- [Exercise instructions]: From the data below, return the exact lines starting at the line containing "(* Each integral" and ending at the line containing "have [N [c [P", both included, and nothing else.

Provided data: Begin

Lemma gifs_riemann_sum_dMK N (c : 'I_N -> X) (P : 'I_N -> set X) (delta : R)
    (f : X -> R) :
  centred_partition x0 K delta c P -> 0 < delta -> Lip1 f ->
  (`|gifs_riemann_sum mu c P f - gifs_riemann_sum nu c P f|%:E
    <= (\sum_i a i)%:E * (dMK mu nu + (2 * delta)%:E))%E.
Proof.
move=> hP delta0 lf.
have hE := dMK_partition_bound mu1 nu1 muK nuK hP delta0.
have w0 (rho : {measure set (BorelX x0) -> \bar R}) k : 0 <= fine (rho (P k)).
  exact/fine_ge0/measure_ge0.
have w1 := ae_partition_sum1 mu1 (centred_partition_ae hP muK).
have w1' := ae_partition_sum1 nu1 (centred_partition_ae hP nuK).
pose T j := \sum_(ka : {ffun 'I_m -> 'I_N}) f (phi j (fun i => c (ka i))) *
  (\prod_i fine (mu (P (ka i))) - \prod_i fine (nu (P (ka i)))).
have T_bound j : (`|T j|%:E <= (\sum_i a i)%:E * (dMK mu nu + (2 * delta)%:E))%E.
  apply: (product_weights_bound (w0 mu) (w0 nu) w1 w1' hE a0) => ka ka'.
  exact: le_trans (lf _ _) (phi_contr j _ _).
have -> : gifs_riemann_sum mu c P f - gifs_riemann_sum nu c P f = \sum_j p j * T j.
  rewrite -sumrB; apply: eq_bigr => j _; rewrite -mulrBr -sumrB.
  by congr (_ * _); apply: eq_bigr => ka _; rewrite mulrBr.
apply: (@le_trans _ _ ((\sum_j p j * `|T j|)%:E)).
  rewrite lee_fin; apply: (le_trans (ler_norm_sum _ _ _)); apply: ler_sum => j _.
  by rewrite normrM ger0_norm.
rewrite -sumEFin; apply: (@le_trans _ _ (\sum_j (p j)%:E *
  ((\sum_i a i)%:E * (dMK mu nu + (2 * delta)%:E)))%E).
  by apply: lee_sum => j _; rewrite EFinM; apply: lee_wpmul2l; rewrite ?lee_fin.
by rewrite -ge0_sume_distrl => [|j _]; rewrite ?lee_fin // sumEFin p1 mul1e.
Qed.

Variables (pimu pinu : {measure set (BorelXm x0 m) -> \bar R}).
Variables (Mmu Mnu : {measure set (BorelX x0) -> \bar R}).
Hypotheses (pimu_prod : is_product_measure (fun=> mu) pimu)
  (pinu_prod : is_product_measure (fun=> nu) pinu).
Hypotheses (Mmu_def : forall B, measurable (B : set (BorelX x0)) ->
  Mmu B = (\sum_j (p j)%:E * pimu (phi j @^-1` B))%E)
  (Mnu_def : forall B, measurable (B : set (BorelX x0)) ->
  Mnu B = (\sum_j (p j)%:E * pinu (phi j @^-1` B))%E).

Lemma gifs_integral_dMK (f : X -> R) (eps : R) : Lip1 f -> 0 < eps ->
  (`|\int[Mmu]_x (f x)%:E - \int[Mnu]_x (f x)%:E|
    <= (\sum_i a i)%:E * dMK mu nu + eps%:E)%E.
Proof.
move=> lf eps0; set s := \sum_i a i; have s0 : 0 <= s by exact: sumr_ge0.
(* Each integral is within (2 + s) delta of its Riemann sum, and the Riemann
   sums are within s (d_MK + 2 delta) of each other. *)
pose delta := eps / (4 + 4 * s).
have delta0 : 0 < delta by rewrite divr_gt0 //; lra.
have [N [c [P hP]]] := compact_centred_partition x0 cK delta0.
have [r1 i1 b1] := integral_gifs_measure mu1 cK muK pimu_prod Mmu_def hP delta0 lf.
have [r2 i2 b2] := integral_gifs_measure nu1 cK nuK pinu_prod Mnu_def hP delta0 lf.
have hR := gifs_riemann_sum_dMK hP delta0 lf.
rewrite i1 i2 -EFinB abse_EFin.
apply: (@le_trans _ _ ((2 * (2 + s) * delta)%:E +
  `|gifs_riemann_sum mu c P f - gifs_riemann_sum nu c P f|%:E)%E).
  rewrite -EFinD lee_fin.
  apply: le_trans (ler_distD (gifs_riemann_sum mu c P f) _ _) _.
  apply: le_trans (lerD (lexx _) (ler_distD (gifs_riemann_sum nu c P f) _ _)) _.
  by move: b1 b2; rewrite -/s (distrC _ r2); lra.
apply: le_trans (leeD2l _ hR) _.
rewrite ge0_muleDr; [|exact: dMK_ge0|by rewrite lee_fin mulr_ge0 // ltW].
rewrite -/s -EFinM addeCA -EFinD leeD2l // lee_fin.
suff -> : 2 * (2 + s) * delta + s * (2 * delta) = eps by [].
by rewrite /delta; field; rewrite gt_eqF //; lra.
Qed.

End two_measures.
End gifs.
Lemma cantor_set_sub_critical : cantor_set `<=` critical_set cantor_fun.
Proof.
move=> x Kx; split; first exact: cantor_set_sub01.
by left; exact: cantor_fun_not_derivable.
Qed.

Definition dyadics : set R := [set dyadic mk.1 mk.2 | mk in [set: nat * nat]].

Lemma countable_dyadics : countable dyadics.
Proof. exact: sub_countable (card_image_le _ _) (countableP _). Qed.

(* Contrapositively: on each gap of the Cantor set, [cantor_fun] is constant
   with a dyadic value. *)
Lemma cantor_fun_nondyadic x : x \in `[0, 1] -> ~ dyadics (cantor_fun x) ->
  cantor_set x.
Proof.
rewrite in_itv /= => /andP[x0 _] nondyadic m.
have [k /andP[le_k lt_k]] := dyadic_floor m (cantor_fun_ge0 x0).
have lt_k' : dyadic m k < cantor_fun x.
  rewrite lt_neqAle le_k andbT; apply/eqP => eq_k.
  by apply: nondyadic; exists (m, k).
have km : (k < 2 ^ m)%N.
  by rewrite -dyadic_lt1; exact: lt_le_trans lt_k' (cantor_fun_le1 x0).
exists k => //; rewrite (ltW (cantor_fun_gt_dyadic x0 lt_k')) /= leNgt.
apply/negP => /ltW hi_x.
have hi0 : 0 <= cell_lo m k + cell_len m.
  by rewrite addr_ge0 ?cell_lo_ge0 ?ltW ?cell_len_gt0.
have := cantor_fun_nondecreasing hi0 hi_x.
have := cantor_fun_cell_hi km; lra.
Qed.

Local Notation mu := (@lebesgue_measure R).

Lemma cantor_set_null : mu cantor_set = 0%E.
Proof.
apply/eqP; rewrite eq_le measure_ge0 andbT; apply/lee_addgt0Pr => e e0.
have [m] := ltr_add_invr e0; rewrite add0r add0e => me.
pose cell k : set R := `[cell_lo m k, cell_lo m k + cell_len m]%classic.
have cover : cantor_set `<=` \big[setU/set0]_(k < 2 ^ m) cell k.
  move=> x /(_ m) [k km xk]; rewrite -bigcup_mkord.
  by exists k => //; rewrite /cell /= in_itv.
have cells :
    (\sum_(k < 2 ^ m) mu (cell k) = \sum_(k < 2 ^ m) (cell_len m)%:E)%E.
  apply: eq_bigr => k _; rewrite /cell lebesgue_measure_itv /= lte_fin ltrDl.
  by rewrite cell_len_gt0 -EFinD addrAC subrr add0r.
apply: (le_trans (le_outer_measure mu _ _ cover)).
apply: (le_trans (outer_measure_subadditive mu cell _)); rewrite cells.
rewrite sumEFin sumr_const card_ord lee_fin -mulr_natr natrX /cell_len invfM.
by rewrite mulrAC mulVf ?mul1r ?expf_neq0 // ltW.
Qed.

Lemma nondyadic01_sub_image : `[0, 1] `\` dyadics `<=` cantor_fun @` cantor_set.
Proof.
move=> y [/= /[!in_itv] /= /andP[y0 y1] nondyadic].
have [x x01 fx] : exists2 x, x \in `[0, 1] & cantor_fun x = y.
  apply: IVT; [exact: ler01 | exact: cantor_fun_continuous |].
  by rewrite cantor_fun0 cantor_fun1 ge_min le_max y0 y1 orbT.
by rewrite -fx in nondyadic; exists x => //; exact: cantor_fun_nondyadic.
Qed.

Lemma cantor_fun_image_critical_gt0 :
  (0 < mu (cantor_fun @` critical_set cantor_fun))%E.
Proof.
have crit := image_subset cantor_fun cantor_set_sub_critical.
have := le_outer_measure mu _ _ (subset_trans nondyadic01_sub_image crit).
rewrite outer_measure_setD_null; last first.
  exact: countable_lebesgue_measure0 countable_dyadics.
apply: lt_le_trans; have : (0 < mu `[0%R, 1%R]%classic)%E.
  by rewrite lebesgue_measure_itv /= lte_fin ltr01 /= sube0 lte_fin ltr01.
by [].
Qed.
(* Let $f\in\mathbb{C}[[y,t,x]]$, $\lambda\in\mathbb{C}$, and let $P:\mathbb{C}\to\mathbb{C}$ be a monic polynomial. Then there exist $g,h\in\mathbb{C}[[y,t,x]]$ such that $\operatorname{Conv}_\varphi(g)=P^{-1}(\operatorname{Conv}_\varphi(f))$ and $\operatorname{Conv}_\varphi(h)=\lambda\cdot\operatorname{Conv}_\varphi(f)=\{\lambda s: s\in\operatorname{Conv}_\varphi(f)\}$.
   Context: Let $x=(x_1,\dots,x_n)$. A formal power series is convergent if its coefficients satisfy $|a_\alpha|\le C^{|\alpha|}$ for some $C$ and all $\alpha\ne0$. Fix a convergent power series $\varphi(t,x)=\sum_{j\ge1}b_j(x)t^j$ with convergent $b_j(x)\in\mathbb{C}[[x]]$ and $b_1(0)=1$. For $s\in\mathbb{C}$ put $\varphi(s,t,x)=s\,b_1(x)t+\sum_{j\ge2}b_j(x)t^j$. For $f\in\mathbb{C}[[y,t,x]]$, $\operatorname{Conv}_\varphi(f)=\{s\in\mathbb{C}: f(\varphi(s,t,x),t,x)\text{ converges as a power series in }(t,x)\}$. *)

(* complex numbers as pairs of Stdlib reals; formal power
   series in N variables as functions from multi-indices (lists of
   naturals of length N) to CC. *)
From Stdlib Require Import Reals List.
Import ListNotations.
Open Scope R_scope.

Record CC := mkC { Re : R; Im : R }.
Definition Czero : CC := mkC 0 0.
Definition Cone : CC := mkC 1 0.
Definition Cadd (a b : CC) : CC := mkC (Re a + Re b) (Im a + Im b).
Definition Cmul (a b : CC) : CC :=
  mkC (Re a * Re b - Im a * Im b) (Re a * Im b + Im a * Re b).
Definition Cnorm (a : CC) : R := sqrt (Re a ^ 2 + Im a ^ 2).
Definition Csum (l : list CC) : CC := fold_right Cadd Czero l.

Definition mi_size (a : list nat) : nat := fold_right Nat.add 0%nat a.
Definition mi_is_zero (a : list nat) : bool := forallb (Nat.eqb 0) a.
(* componentwise (truncated) difference *)
Fixpoint mi_sub (b a : list nat) : list nat :=
  match b, a with
  | x :: b', y :: a' => (x - y)%nat :: mi_sub b' a'
  | _, _ => b
  end.
Fixpoint mi_below (b : list nat) : list (list nat) :=
  match b with
  | [] => [[]]
  | x :: b' => flat_map (fun i => map (cons i) (mi_below b')) (seq 0 (S x))
  end.

(* a series in N variables: only its values on lists of length N matter *)
Definition PS := list nat -> CC.

Definition Convergent (N : nat) (F : PS) : Prop :=
  exists K : R, forall a : list nat, length a = N -> mi_is_zero a = false ->
    Cnorm (F a) <= K ^ (mi_size a).

Definition PSone : PS := fun a => if mi_is_zero a then Cone else Czero.
Definition PSmul (F G : PS) : PS :=
  fun b => Csum (map (fun a => Cmul (F a) (G (mi_sub b a))) (mi_below b)).
Fixpoint PSpow (F : PS) (i : nat) : PS :=
  match i with O => PSone | S i' => PSmul F (PSpow F i') end.

(* b j is the series b_j(x) in the n variables x (b 0 is ignored).
   Series in (t,x) are indexed by (k :: alpha). *)
Definition phiTX (b : nat -> PS) : PS :=
  fun g => match g with
           | (S j) :: a => b (S j) a
           | _ => Czero
           end.

Definition phiS (b : nat -> PS) (s : CC) : PS :=
  fun g => match g with
           | 1%nat :: a => Cmul s (b 1%nat a)
           | (S (S j)) :: a => b (S (S j)) a
           | _ => Czero
           end.

(* f(phi(s,t,x),t,x) for f in CC[[y,t,x]] (indexed by (i :: k :: alpha)).
   The coefficient of t^m x^beta is the finite sum
     sum_{i <= m} sum_{(k,alpha) <= (m,beta)} f_{i,k,alpha} [t^{m-k} x^{beta-alpha}] phi(s)^i ;
   terms with i > m vanish since phi(s) is divisible by t. *)
Definition compose (b : nat -> PS) (f : PS) (s : CC) : PS :=
  fun g => match g with
           | [] => Czero
           | m :: _ =>
             Csum (flat_map (fun i =>
               map (fun d => Cmul (f (i :: d)) (PSpow (phiS b s) i (mi_sub g d)))
                   (mi_below g)) (seq 0 (S m)))
           end.

Definition Conv (n : nat) (b : nat -> PS) (f : PS) (s : CC) : Prop :=
  Convergent (S n) (compose b f s).

(* monic polynomial with lower coefficients cs = [c_0; ...; c_{d-1}]:
   P(s) = c_0 + c_1 s + ... + c_{d-1} s^{d-1} + s^d *)
Fixpoint monic_eval (cs : list CC) (s : CC) : CC :=
  match cs with
  | [] => Cone
  | c :: cs' => Cadd c (Cmul s (monic_eval cs' s))
  end.

From Stdlib Require Import Reals List Lra Lia Arith Ring Classical.
Import ListNotations.
Open Scope R_scope.
(* Let $\Sigma$ be a finite alphabet, $b\in\Sigma$, $\Gamma=\Sigma\setminus\{b\}$, $L\subseteq\Gamma^+$, and let $\psi$ be a $\mathsf{BE}$ formula over $\Gamma$ such that $L_{act}(\psi)=L$. Then there are $\mathsf{BE}$ formulas (over $\Sigma$) defining, under the action-based semantics, the languages $bL$, $\Sigma^*bL$, $\Sigma^*b(L+\varepsilon)$, $Lb$, $Lb\Sigma^*$, $(L+\varepsilon)b\Sigma^*$, and $bLb$.
   Context: $\Sigma^*$ ($\Sigma^+$) denotes the set of (non-empty) finite words over $\Sigma$, $\varepsilon$ the empty word, concatenation of languages is written by juxtaposition and $L+\varepsilon$ denotes $L\cup\{\varepsilon\}$. For $w=w(0)\cdots w(n)$, $\mathrm{Pref}(w)=\{w(0)\cdots w(i)\mid0\le i\le n-1\}$ and $\mathrm{Suff}(w)=\{w(i)\cdots w(n)\mid1\le i\le n\}$. $\mathsf{BE}$ formulas over an alphabet $\Delta$: $\psi::=a\mid\neg\psi\mid\psi\wedge\psi\mid\langle B\rangle\psi\mid\langle E\rangle\psi$ with $a\in\Delta$; each denotes a language $L_{act}(\psi)\subseteq\Delta^+$: $L_{act}(a)=a^+$, $L_{act}(\neg\psi)=\Delta^+\setminus L_{act}(\psi)$, $L_{act}(\psi_1\wedge\psi_2)=L_{act}(\psi_1)\cap L_{act}(\psi_2)$, $L_{act}(\langle B\rangle\psi)=\{w\in\Delta^+\mid\mathrm{Pref}(w)\cap L_{act}(\psi)\neq\emptyset\}$, $L_{act}(\langle E\rangle\psi)=\{w\in\Delta^+\mid\mathrm{Suff}(w)\cap L_{act}(\psi)\neq\emptyset\}$. A formula over $\Gamma\subseteq\Sigma$ is also regarded as a formula over $\Sigma$ when the alphabet is $\Sigma$; a formula $\varphi$ over $\Sigma$ defines a language $M$ if $L_{act}(\varphi)=M$ with $\Delta=\Sigma$. *)

From mathcomp Require Import all_boot.
Set Implicit Arguments. Unset Strict Implicit. Unset Printing Implicit Defensive.

Inductive BEform (T : Type) : Type :=
| BAtom of T
| BNeg of BEform T
| BAnd of BEform T & BEform T
| BB of BEform T
| BE of BEform T.

Fixpoint atoms_in (T : Type) (D : pred T) (f : BEform T) : Prop :=
  match f with
  | BAtom a => D a
  | BNeg p => atoms_in D p
  | BAnd p q => atoms_in D p /\ atoms_in D q
  | BB p => atoms_in D p
  | BE p => atoms_in D p
  end.

Definition nonempty_over (T : eqType) (D : pred T) (w : seq T) : Prop :=
  w <> [::] /\ all D w.

(* Action-based semantics L_act with respect to the alphabet Delta = D.
   Pref(w) = proper non-empty prefixes take i w (0<i<|w|),
   Suff(w) = proper non-empty suffixes drop i w (0<i<|w|). *)
Fixpoint Lact (T : eqType) (D : pred T) (f : BEform T) (w : seq T) : Prop :=
  match f with
  | BAtom a => nonempty_over D w /\ all (pred1 a) w
  | BNeg p => nonempty_over D w /\ ~ Lact D p w
  | BAnd p q => Lact D p w /\ Lact D q w
  | BB p => nonempty_over D w /\
            exists i, 0 < i < size w /\ Lact D p (take i w)
  | BE p => nonempty_over D w /\
            exists i, 0 < i < size w /\ Lact D p (drop i w)
  end.

Definition defines (Sigma : finType) (phi : BEform Sigma) (M : seq Sigma -> Prop) :=
  forall w, Lact predT phi w <-> M w.

From mathcomp Require Import all_boot zify.
From Stdlib Require Import Classical.

Set Implicit Arguments.
Unset Strict Implicit.
Unset Printing Implicit Defensive.

(* Since no word of L contains b, psi /\ "b does not occur" defines L over
   Sigma: on words avoiding b the semantics relative to Gamma and to Sigma agree.
   Prefixing a language by b is a translation of formulas: it commutes with /\
   and <B>, replaces <E> by <E><E> (the proper suffixes of v are the suffixes of
   b v obtained by dropping at least two letters), and guards negations and atoms
   by "b followed by a non-empty word".  Appending b is the mirror image of
   prepending it, obtained by swapping <B> and <E>; finally Sigma^* X and
   X Sigma^* are defined by X \/ <E> X and X \/ <B> X. *)

Section Semantics.
Variable T : eqType.
Implicit Types (D : pred T) (f g p q delta psi : BEform T) (a : T) (s u v w : seq T).
Implicit Types (M N L : seq T -> Prop).

Lemma nonempty_overT w : nonempty_over predT w <-> w <> [::].
Proof. by rewrite /nonempty_over all_predT; split=> [[]|]. Qed.

Lemma Lact_nonempty_over D f w : Lact D f w -> nonempty_over D w.
Proof. by elim: f w => [a|p _|p IHp q _|p _|p _] w /= => [[]|[]|[/IHp]|[]|[]]. Qed.

Lemma nonempty_over_take D i w :
  0 < i -> nonempty_over D w -> nonempty_over D (take i w).
Proof.
case: i => // i _ [w0 Dw]; split; first by case: w w0 {Dw}.
by move: Dw; rewrite -{1}(cat_take_drop i.+1 w) all_cat => /andP[].
Qed.

Lemma nonempty_over_drop D i w :
  i < size w -> nonempty_over D w -> nonempty_over D (drop i w).
Proof.
move=> iw [_ Dw]; split; first by move/(congr1 size); rewrite size_drop /=; lia.
by move: Dw; rewrite -{1}(cat_take_drop i w) all_cat => /andP[].
Qed.

Lemma Lact_restrict D f w : nonempty_over D w -> Lact D f w <-> Lact predT f w.
Proof.
elim: f w => [a|p IH|p IHp q IHq|p IH|p IH] w Dw /=;
  have wT : nonempty_over predT w by case: Dw => ? _; exact/nonempty_overT.
- by split=> -[_ ?]; split.
- by rewrite IH //; split=> -[_ ?]; split.
- by rewrite IHp // IHq.
- split=> -[_ [i [/andP[i0 iw] H]]]; split=> //; exists i; rewrite i0 iw.
  + by rewrite -IH //; exact: nonempty_over_take.
  + by rewrite IH //; exact: nonempty_over_take.
- split=> -[_ [i [/andP[i0 iw] H]]]; split=> //; exists i; rewrite i0 iw.
  + by rewrite -IH //; exact: nonempty_over_drop.
  + by rewrite IH //; exact: nonempty_over_drop.
Qed.

(* [defines] for letters in an arbitrary eqType: [defines phi M] unfolds to
   [denotes phi M]. *)
Definition denotes f M := forall w, Lact predT f w <-> M w.

Lemma denotes_ext f M N :
  denotes f M -> (forall w, M w <-> N w) -> denotes f N.
Proof. by move=> fM MN w; rewrite fM. Qed.

Lemma Lact_denotes f : denotes f (Lact predT f).
Proof. by []. Qed.

Lemma BAtom_denotes a : denotes (BAtom a) (fun w => w <> [::] /\ all (pred1 a) w).
Proof. by move=> w /=; rewrite nonempty_overT. Qed.

Lemma BNeg_denotes f M : denotes f M -> denotes (BNeg f) (fun w => w <> [::] /\ ~ M w).
Proof. by move=> fM w /=; rewrite nonempty_overT fM. Qed.

Lemma BAnd_denotes p q M N :
  denotes p M -> denotes q N -> denotes (BAnd p q) (fun w => M w /\ N w).
Proof. by move=> pM qN w /=; rewrite pM qN. Qed.

Lemma BB_denotes f M :
  denotes f M -> denotes (BB f) (fun w => exists s u, [/\ M s, u <> [::] & w = s ++ u]).
Proof.
move=> fM w /=; rewrite nonempty_overT; split.
  move=> [_ [i [/andP[_ iw] /fM H]]]; exists (take i w), (drop i w); split.
  - exact: H.
  - by move/(congr1 size); rewrite size_drop /=; lia.
  - by rewrite cat_take_drop.
move=> [s [u [/fM H u0 ->]]]; have /nonempty_overT s0 := Lact_nonempty_over H.
split; first by case: s s0 {H}.
exists (size s); rewrite take_size_cat // size_cat; split=> //.
by case: s s0 {H}; case: u u0 => //= *; lia.
Qed.

Lemma BE_denotes f M :
  denotes f M -> denotes (BE f) (fun w => exists u s, [/\ u <> [::], M s & w = u ++ s]).
Proof.
move=> fM w /=; rewrite nonempty_overT; split.
  move=> [w0 [i [/andP[i0 _] /fM H]]]; exists (take i w), (drop i w); split.
  - by case: i i0 H => // i _ _; case: w w0.
  - exact: H.
  - by rewrite cat_take_drop.
move=> [u [s [u0 /fM H ->]]]; have /nonempty_overT s0 := Lact_nonempty_over H.
split; first by case: u u0 {H}.
exists (size u); rewrite drop_size_cat // size_cat; split=> //.
by case: s s0 {H}; case: u u0 => //= *; lia.
Qed.

Definition BOr p q : BEform T := BNeg (BAnd (BNeg p) (BNeg q)).

Lemma Lact_BOr D p q w : Lact D (BOr p q) w <-> Lact D p w \/ Lact D q w.
Proof.
split=> [[Dw H]|H].
  by apply: NNPP => /not_or_and[np nq]; apply: H; split; split.
by split=> [|[[_ np] [_ nq]]]; [case: H => /Lact_nonempty_over | tauto].
Qed.

Lemma BOr_denotes p q M N :
  denotes p M -> denotes q N -> denotes (BOr p q) (fun w => M w \/ N w).
Proof. by move=> pM qN w; rewrite Lact_BOr pM qN. Qed.

Definition Bsingleton a : BEform T := BAnd (BAtom a) (BNeg (BB (BAtom a))).

Lemma Bsingleton_denotes a : denotes (Bsingleton a) (fun w => w = [:: a]).
Proof.
move=> w /=; rewrite nonempty_overT; split.
  move=> [[w0 aw] [_ noBB]]; case: w w0 aw noBB => [|x [|y s]] // _ /=.
    by rewrite andbT => /eqP-> _.
  move=> /and3P[/eqP-> /eqP-> _] []; split=> //.
  by exists 1; rewrite /= eqxx.
move=> ->; split; first by rewrite /= eqxx.
by split=> // -[_ [[|[|i]] []]].
Qed.

Definition Bprefix p : BEform T := BOr p (BB p).

Lemma Bprefix_denotes p M :
  denotes p M -> denotes (Bprefix p) (fun w => exists s u, M s /\ w = s ++ u).
Proof.
move=> pM w; rewrite (BOr_denotes pM (BB_denotes pM)); split.
  by case=> [Mw|[s [u [Ms _ ->]]]]; [exists w, [::]; rewrite cats0 | exists s, u].
move=> [s [[|x u] [Ms ->]]]; first by left; rewrite cats0.
by right; exists s, (x :: u).
Qed.

Definition Bsuffix p : BEform T := BOr p (BE p).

Provided data: End

- [Output of the task]:
(* Each integral is within (2 + s) delta of its Riemann sum, and the Riemann
   sums are within s (d_MK + 2 delta) of each other. *)
pose delta := eps / (4 + 4 * s).
have delta0 : 0 < delta by rewrite divr_gt0 //; lra.
have [N [c [P hP]]] := compact_centred_partition x0 cK delta0.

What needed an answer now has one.